Pretty shocking for a club that under Sir Alex Ferguson prided itself on glorious comebacks.
xG suggests Liverpool were unluckier than Manchester United
With so many deflected goals there was certainly an element of misfortune about Liverpool’s 7-2 scoreline, even if few would dispute Villa fully deserved the win, and expected goals statistics back up the idea that the Premier League champions were unluckier than their North West rivals.
Liverpool’s expected goals against on Sunday was 3.08 yet they ended up conceding more than double that, while United’s was 3.30 and they eventually conceded six - that’s a gap of 3.92, compared to 2.70. Likewise, United’s expected goals for was just 0.87, which is actually abysmal considering they scored from the penalty spot, whereas Liverpool were statistically due 1.66 goals.

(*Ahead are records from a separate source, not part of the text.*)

Definition smooth_net (k : Kfield) (r : R -> C) : Prop :=
  smooth_pos (fun x => Re (r x)) /\ smooth_pos (fun x => Im (r x)) /\
  (k = KR -> forall x, in_I x -> Im (r x) = 0).

Definition moderate (r : R -> C) : Prop :=
  exists (N : nat) (c eps0 : R), 0 < c /\ in_I eps0 /\
    forall eps, 0 < eps <= eps0 -> Cmod (r eps) <= c / eps ^ N.

Definition negligible (r : R -> C) : Prop :=
  forall m : nat, exists c eps0 : R, 0 < c /\ in_I eps0 /\
    forall eps, 0 < eps <= eps0 -> Cmod (r eps) <= c * eps ^ m.

Definition EMsm (k : Kfield) (r : R -> C) : Prop := smooth_net k r /\ moderate r.
Definition Nsm (k : Kfield) (r : R -> C) : Prop := smooth_net k r /\ negligible r.

Definition nadd (r s : R -> C) : R -> C := fun x => Cplus (r x) (s x).
Definition nmul (r s : R -> C) : R -> C := fun x => Cmult (r x) (s x).
Definition nsub (r s : R -> C) : R -> C := fun x => Cminus (r x) (s x).
Definition none : R -> C := fun _ => RtoC 1.

(* Equality in the quotient Ktilde_sm = E_{M,sm} / N_sm. *)
Definition Keq (k : Kfield) (r s : R -> C) : Prop := Nsm k (nsub r s).

Definition idempotent (k : Kfield) (e : R -> C) : Prop :=
  EMsm k e /\ Keq k (nmul e e) e.

Definition invertible (k : Kfield) (u : R -> C) : Prop :=
  exists s, EMsm k s /\ Keq k (nmul u s) none.

(* The net r_eps = (sin(1/eps) - 1)/2 oscillates between 0 and -1 infinitely often as eps -> 0.
   For an idempotent e, e_eps^2 - e_eps is negligible, so near 0 the continuous net e_eps stays
   close to 0 throughout or close to 1 throughout.  In the first case r + e is negligibly small
   at the points where r_eps = 0, in the second at the points where r_eps = -1.  But an
   invertible element u satisfies |u_eps| >= c eps^N for all small eps, so r + e is never
   invertible. *)
From Stdlib Require Import Reals Lra.
From Coquelicot Require Import Coquelicot.
Open Scope R_scope.

Definition clusters_at_0 (A : R -> Prop) : Prop :=
  forall a, 0 < a -> exists eps, A eps /\ 0 < eps <= a.

Definition negligible_on (A : R -> Prop) (u : R -> C) : Prop :=
  forall m : nat, exists c a0 : R, 0 < c /\ 0 < a0 /\
    forall eps, A eps -> 0 < eps <= a0 -> Cmod (u eps) <= c * eps ^ m.

Lemma negligible_on_dominated (A : R -> Prop) (u w : R -> C) (K : R) :
  0 <= K -> negligible w ->
  (forall eps, A eps -> 0 < eps -> Cmod (u eps) <= K * Cmod (w eps)) ->
  negligible_on A u.
Proof.
intros HK Hw Hdom m.
destruct (Hw m) as [c [a0 [Hc [Ha0 Hb]]]]; unfold in_I in Ha0.
exists ((K + 1) * c), a0; split; [nra | split; [lra |]].
intros eps HA Heps.
assert (Hpow : 0 <= eps ^ m) by (apply pow_le; lra).
apply Rle_trans with (1 := Hdom eps HA (proj1 Heps)).
apply Rle_trans with (K * (c * eps ^ m)); [apply Rmult_le_compat_l; auto |].
rewrite <- Rmult_assoc; apply Rmult_le_compat_r; nra.
Qed.

Lemma Cmod_ge_1_sub (a : C) : 1 - Cmod (Cminus a 1) <= Cmod a.
Proof.
assert (T := Cmod_triangle a (Copp (Cminus a 1))).
replace (Cplus a (Copp (Cminus a 1))) with (RtoC 1) in T by ring.
rewrite Cmod_opp, Cmod_1 in T; lra.
Qed.

Lemma invertible_lower_bound (k : Kfield) (u : R -> C) : invertible k u ->
  exists (N : nat) (c a0 : R), 0 < c /\ 0 < a0 /\
    forall eps, 0 < eps <= a0 -> c * eps ^ N <= Cmod (u eps).
Proof.
intros [s [[_ [N [cs [as0 [Hcs [Has Hs]]]]]] [_ Hus]]].
destruct (Hus 1%nat) as [cu [au [Hcu [Hau Hu]]]]; unfold in_I in *.
set (a0 := Rmin (Rmin as0 au) (/ (2 * cu))).
assert (Ha0 : a0 <= as0 /\ a0 <= au /\ a0 <= / (2 * cu)).
{ unfold a0; repeat split;
    eauto using Rle_trans, Rmin_l, Rmin_r. }
exists N, (/ (2 * cs)), a0; split; [apply Rinv_0_lt_compat; lra | split].
{ unfold a0; repeat apply Rmin_glb_lt; try lra; apply Rinv_0_lt_compat; lra. }
intros eps Heps.
assert (HepsN : 0 < eps ^ N) by (apply pow_lt; lra).
assert (Hhalf : 1 / 2 <= Cmod (u eps) * Cmod (s eps)).
{ rewrite <- Cmod_mult.
  apply Rle_trans with (2 := Cmod_ge_1_sub _).
  assert (Hcu_eps : cu * eps <= 1 / 2).
  { apply Rle_trans with (cu * / (2 * cu)); [apply Rmult_le_compat_l; lra |].
    right; field; lra. }
  specialize (Hu eps ltac:(lra)); simpl in Hu; unfold nsub, nmul, none in Hu; lra. }
assert (Hsb : Cmod (s eps) <= cs / eps ^ N) by (apply Hs; lra).
assert (Hu0 := Cmod_ge_0 (u eps)).
assert (H : 1 / 2 <= Cmod (u eps) * (cs / eps ^ N))
  by (apply Rle_trans with (1 := Hhalf); apply Rmult_le_compat_l; auto).
apply Rmult_le_reg_r with (2 * cs / eps ^ N).
{ apply Rdiv_lt_0_compat; lra. }
replace (/ (2 * cs) * eps ^ N * (2 * cs / eps ^ N)) with 1 by (field; lra).
unfold Rdiv in *; lra.
Qed.

Lemma not_invertible_of_negligible_on (k : Kfield) (A : R -> Prop) (u : R -> C) :
  clusters_at_0 A -> negligible_on A u -> ~ invertible k u.
Proof.
intros Hacc Hneg Hinv.
destruct (invertible_lower_bound k u Hinv) as [N [c [a0 [Hc [Ha0 Hlow]]]]].
destruct (Hneg (S N)) as [c' [a1 [Hc' [Ha1 Hup]]]].
destruct (Hacc (Rmin (Rmin a0 a1) (c / (2 * c')))) as [eps [HA Heps]].
{ repeat apply Rmin_glb_lt; try lra; apply Rdiv_lt_0_compat; lra. }
assert (Hmin := Rmin_l (Rmin a0 a1) (c / (2 * c'))).
assert (Hmin' := Rmin_r (Rmin a0 a1) (c / (2 * c'))).
assert (H0 := Rmin_l a0 a1); assert (H1 := Rmin_r a0 a1).
assert (HepsN : 0 < eps ^ N) by (apply pow_lt; lra).
assert (Hc_eps : c <= c' * eps).
{ apply Rmult_le_reg_r with (eps ^ N); auto.
  apply Rle_trans with (1 := Hlow eps ltac:(lra)).
  apply Rle_trans with (1 := Hup eps HA ltac:(lra)).
  simpl; right; ring. }
assert (c' * eps <= c / 2).
{ apply Rle_trans with (c' * (c / (2 * c'))); [apply Rmult_le_compat_l; lra |].
  right; field; lra. }
lra.
Qed.

Lemma Cmod_almost_idempotent (z : C) : Cmod (Cminus (Cmult z z) z) <= 1/8 ->
  (Cmod z <= 2 * Cmod (Cminus (Cmult z z) z) /\ Re z <= 1/4) \/
  (Cmod (Cminus z 1) <= 2 * Cmod (Cminus (Cmult z z) z) /\ 3/4 <= Re z).
Proof.
replace (Cminus (Cmult z z) z) with (Cmult z (Cminus z 1)) by ring.
rewrite Cmod_mult.
assert (Hsum := Cmod_ge_1_sub z).
assert (Hre := re_le_Cmod z).
assert (Hre1 := re_le_Cmod (Cminus z 1)).
replace (Re (Cminus z 1)) with (Re z - 1) in Hre1 by (destruct z; simpl; ring).
apply Rabs_le_between in Hre; apply Rabs_le_between in Hre1.
assert (H0 := Cmod_ge_0 z); assert (H1 := Cmod_ge_0 (Cminus z 1)).
intros Hsmall.
destruct (Rle_lt_dec (1/2) (Cmod (Cminus z 1))); [left | right]; split; nra.
Qed.

Lemma continuous_no_crossing (f : R -> R) (lo hi b : R) : lo < hi ->
  (forall x, 0 < x <= b -> continuity_pt f x) ->
  (forall x, 0 < x <= b -> f x <= lo \/ hi <= f x) ->
  forall x y, 0 < x <= b -> 0 < y <= b -> f x <= lo -> hi <= f y -> False.
Proof.
intros Hlh Hcont Hgap x y Hx Hy Hfx Hfy.
set (mid := (lo + hi) / 2).
assert (Hmid : forall z, 0 < z <= b -> f z <> mid)
  by (intros z Hz; destruct (Hgap z Hz); unfold mid; lra).
destruct (Rtotal_order x y) as [Hxy | [-> | Hyx]]; [| lra |].
- destruct (Ranalysis5.IVT_interv (fun t => f t - mid) x y) as [z [Hz Hfz]];
    [| lra | unfold mid; lra | unfold mid; lra |].
  + intros t Ht; apply continuity_pt_minus; [apply Hcont; lra | apply continuity_pt_const].
    intros ? ?; reflexivity.
  + apply (Hmid z); lra.
- destruct (Ranalysis5.IVT_interv (fun t => mid - f t) y x) as [z [Hz Hfz]];
    [| lra | unfold mid; lra | unfold mid; lra |].
  + intros t Ht; apply continuity_pt_minus; [apply continuity_pt_const | apply Hcont; lra].
    intros ? ?; reflexivity.
  + apply (Hmid z); lra.
Qed.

Pretty fine margins numerically but when combined with the nature of some of Villa’s strikes, the Anfield outfit can count themselves a little unlucky that the score was so heavily against them.

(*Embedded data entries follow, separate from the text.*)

Lemma kronecker_poly_neq0 : p != 0 -> kronecker_poly != 0.
Proof.
move=> p_neq0; have lead_supp := mlead_supp p_neq0.
have digit_lt m i : m \in msupp p -> (m i < N)%N.
  move=> /msize_mdeg_lt m_lt; apply: leq_ltn_trans (leq_trans m_lt size_le).
  by rewrite mdegE (bigD1 i) //= leq_addr.
apply/eqP => /(congr1 (fun q : {poly K} => q`_(\sum_(i < k) mlead p i * N ^ i))).
rewrite coef0 coef_sum (bigD1_seq (mlead p)) ?msupp_uniq //= coefZ coefXn eqxx.
rewrite big_seq_cond big1 ?mulr1 ?addr0 => [/eqP|m /andP[m_supp m_neq]].
  by rewrite mleadc_eq0 (negbTE p_neq0).
rewrite coefZ coefXn; case: eqP => [eq_m|]; last by rewrite mulr0.
move/negP: m_neq; case; apply/eqP/mnmP.
exact: (base_expansion_inj (digit_lt _^~ m_supp) (digit_lt _^~ lead_supp)).
Qed.

Lemma mpoly_nonvanishing_at_powers : p != 0 ->
  exists2 x : nat, (1 < x)%N & p.@[fun i => x%:R ^+ (N ^ i)] != 0.
Proof.
move=> /kronecker_poly_neq0 kp_neq0.
set xs := [seq (j.+2)%:R : K | j <- iota 0 (size kronecker_poly)].
have : ~~ all (root kronecker_poly) xs.
  apply/negP => all_roots.
  suff: uniq xs by move/(max_poly_roots kp_neq0 all_roots); rewrite size_map size_iota ltnn.
  by rewrite map_inj_uniq ?iota_uniq // => j1 j2 /eqP; rewrite eqr_nat => /eqP [].
case/allPn => _ /mapP[j _ ->]; rewrite /root horner_kronecker => nonroot.
by exists j.+2.
Qed.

United played well for one minute
In some ways, this unavoidable truth is perhaps the most startling thing about Sunday’s performance at Old Trafford - United played well for just one minute, and then atrociously for the remaining 89. Some clever play from Anthony Martial and Bruno Fernandes earned them a penalty, which the latter converted, but within five minutes of that the Red Devils were somehow already losing 2-1.

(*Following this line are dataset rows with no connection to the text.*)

Section chebyshev_integral.
Local Open Scope ereal_scope.
Context {d : measure_display} {T : measurableType d} {R : realType}.
Variables (mu : {measure set T -> \bar R}) (A : set T) (w f g : T -> R).
Hypotheses (mA : measurable A) (mw : measurable_fun A w)
  (mf : measurable_fun A f) (mg : measurable_fun A g).
Hypotheses (w0 : forall x, A x -> (0 <= w x)%R) (f0 : forall x, A x -> (0 <= f x)%R)
  (g0 : forall x, A x -> (0 <= g x)%R).
Hypothesis similarly_ordered :
  forall x y, A x -> A y -> (0 <= (f x - f y) * (g x - g y))%R.

Let integral_ge0_in (u : T -> R) : (forall x, A x -> 0 <= u x)%R ->
  0 <= \int[mu]_(x in A) (u x)%:E.
Proof. by move=> u0; apply: integral_ge0 => x Ax; rewrite lee_fin u0. Qed.

Let integralZD (u v : T -> R) (k l : \bar R) :
  measurable_fun A u -> measurable_fun A v ->
  (forall x, A x -> 0 <= u x)%R -> (forall x, A x -> 0 <= v x)%R ->
  0 <= k -> 0 <= l ->
  k * \int[mu]_(x in A) (u x)%:E + l * \int[mu]_(x in A) (v x)%:E =
  \int[mu]_(x in A) (k * (u x)%:E + l * (v x)%:E).
Proof.
move=> mu_ mv u0 v0 k0 l0.
have ge0 (h : T -> R) m : (forall x, A x -> 0 <= h x)%R -> 0 <= m ->
    forall x, A x -> 0 <= m * (h x)%:E.
  by move=> h0 m0 x Ax; rewrite mule_ge0 // lee_fin h0.
rewrite -!ge0_integralZl //; [|exact/measurable_EFinP..].
by rewrite ge0_integralD //; [exact: ge0|exact/measurable_funeM/measurable_EFinP|
  exact: ge0|exact/measurable_funeM/measurable_EFinP].
Qed.

(* Integrate 0 <= w x w y (f x - f y) (g x - g y) over A x A; the double
   integrals are iterated one at a time, pulling each outer factor out as a
   constant, so no Fubini theorem is needed. *)
Lemma chebyshev_integral :
  \int[mu]_(x in A) (w x * f x)%:E * \int[mu]_(x in A) (w x * g x)%:E <=
  \int[mu]_(x in A) (w x)%:E * \int[mu]_(x in A) (w x * (f x * g x))%:E.
Proof.
set I := fun u : T -> R => \int[mu]_(x in A) (u x)%:E.
have wf0 x : A x -> (0 <= w x * f x)%R by move=> Ax; rewrite mulr_ge0 ?w0 ?f0.
have wg0 x : A x -> (0 <= w x * g x)%R by move=> Ax; rewrite mulr_ge0 ?w0 ?g0.
have wfg0 x : A x -> (0 <= w x * (f x * g x))%R.
  by move=> Ax; rewrite !mulr_ge0 ?w0 ?f0 ?g0.
have mwf : measurable_fun A (fun x => w x * f x)%R by exact: measurable_funM.
have mwg : measurable_fun A (fun x => w x * g x)%R by exact: measurable_funM.
have mwfg : measurable_fun A (fun x => w x * (f x * g x))%R.
  by apply: measurable_funM => //; exact: measurable_funM.
have mZD (u v : T -> R) k l : measurable_fun A u -> measurable_fun A v ->
    measurable_fun A (fun x => k * (u x)%:E + l * (v x)%:E).
  by move=> mu_ mv; apply: emeasurable_funD; exact/measurable_funeM/measurable_EFinP.
have ge0ZD (u v : T -> R) k l : (forall x, A x -> 0 <= u x)%R ->
    (forall x, A x -> 0 <= v x)%R -> 0 <= k -> 0 <= l ->
    forall x, A x -> 0 <= k * (u x)%:E + l * (v x)%:E.
  by move=> u0 v0 k0 l0 x Ax; rewrite adde_ge0 // mule_ge0 // lee_fin ?u0 ?v0.
suff : I (fun x => w x * f x)%R * I (fun x => w x * g x)%R *+ 2 <=
    I w * I (fun x => w x * (f x * g x))%R *+ 2.
  by rewrite -!mule_natl lee_pmul2l.
rewrite !mule2n {1}muleC [X in _ <= X + _]muleC.
rewrite !integralZD // ?integral_ge0_in //.
apply: ge0_le_integral => //; [by apply: ge0ZD => //; apply: integral_ge0_in
  |exact: mZD|exact: mZD|].
move=> x Ax; rewrite !(muleC (I _)).
rewrite !integralZD // ?lee_fin ?w0 ?wf0 ?wg0 ?wfg0 //.
apply: ge0_le_integral => //; [|exact: mZD|exact: mZD|].
  by apply: ge0ZD => //; rewrite lee_fin ?wf0 ?wg0.
move=> y Ay; rewrite -!EFinM -!EFinD lee_fin -subr_ge0.
rewrite [X in (0 <= X)%R](_ : _ = w x * w y * ((f x - f y) * (g x - g y)))%R;
  last by ring.
by apply: mulr_ge0; [apply: mulr_ge0; exact: w0|exact: similarly_ordered].
Qed.
End chebyshev_integral.

Section r2dp_laplace.
Context {R : realType}.
Local Notation mu := (@lebesgue_measure R).

Definition laplace_rate_pdf (s t : R) : R := s / 2 * expR (- (s * t)).

Lemma laplace_pdf_inv (s y : R) : laplace_pdf s^-1 y = laplace_rate_pdf s `|y|.
Proof.
rewrite /laplace_pdf /laplace_rate_pdf; congr (_ * expR (- _)).
  by rewrite invfM invrK mulrC.
by rewrite invrK mulrC.
Qed.

Lemma laplace_rate_pdf_ge0 (s t : R) : 0 <= s -> 0 <= laplace_rate_pdf s t.
Proof. by move=> s0; rewrite mulr_ge0 ?expR_ge0 ?divr_ge0. Qed.

Lemma measurable_fun_laplace_rate_pdf d (T : measurableType d) (s t : T -> R) :
  measurable_fun setT s -> measurable_fun setT t ->
  measurable_fun setT (fun z => laplace_rate_pdf (s z) (t z)).
Proof.
move=> ms mt; apply: measurable_funM; first exact: measurable_funM.
apply: measurableT_comp; first exact: measurable_expR.
apply: measurableT_comp; first exact: oppr_measurable.
exact: measurable_funM.
Qed.

Lemma measurable_laplace_rate_pdf_rate (t : R) (A : set R) :
  measurable_fun A (fun s => (laplace_rate_pdf s t)%:E).
Proof.
by apply/measurable_EFinP/measurable_funS/measurable_fun_laplace_rate_pdf.
Qed.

It at least took 22 minutes for Liverpool to concede twice, and there were prolonged periods of the game where they created chances, controlled possession and had Villa pinned back. United simply didn’t look in the game after Spurs had overturned their early deficit, and only continued to look more and more out of it as the game went on.
Liverpool were exploited, but United imploded
Perhaps the best way of defining the difference between the two performances. Neither team will see many positives in what happened on Sunday but Liverpool can at least feel they were outsmarted by a side that identified a weakness - chiefly, a failure to press effectively without Sadio Mane and the subsequent potential to hit Liverpool with precise, direct passes into the channels.
It’s certainly alarming that Premier League champions can be so exposed, but nonetheless there’s an obvious problem for them to try and fix before domestic football resumes.
United, on the other hand, simply imploded.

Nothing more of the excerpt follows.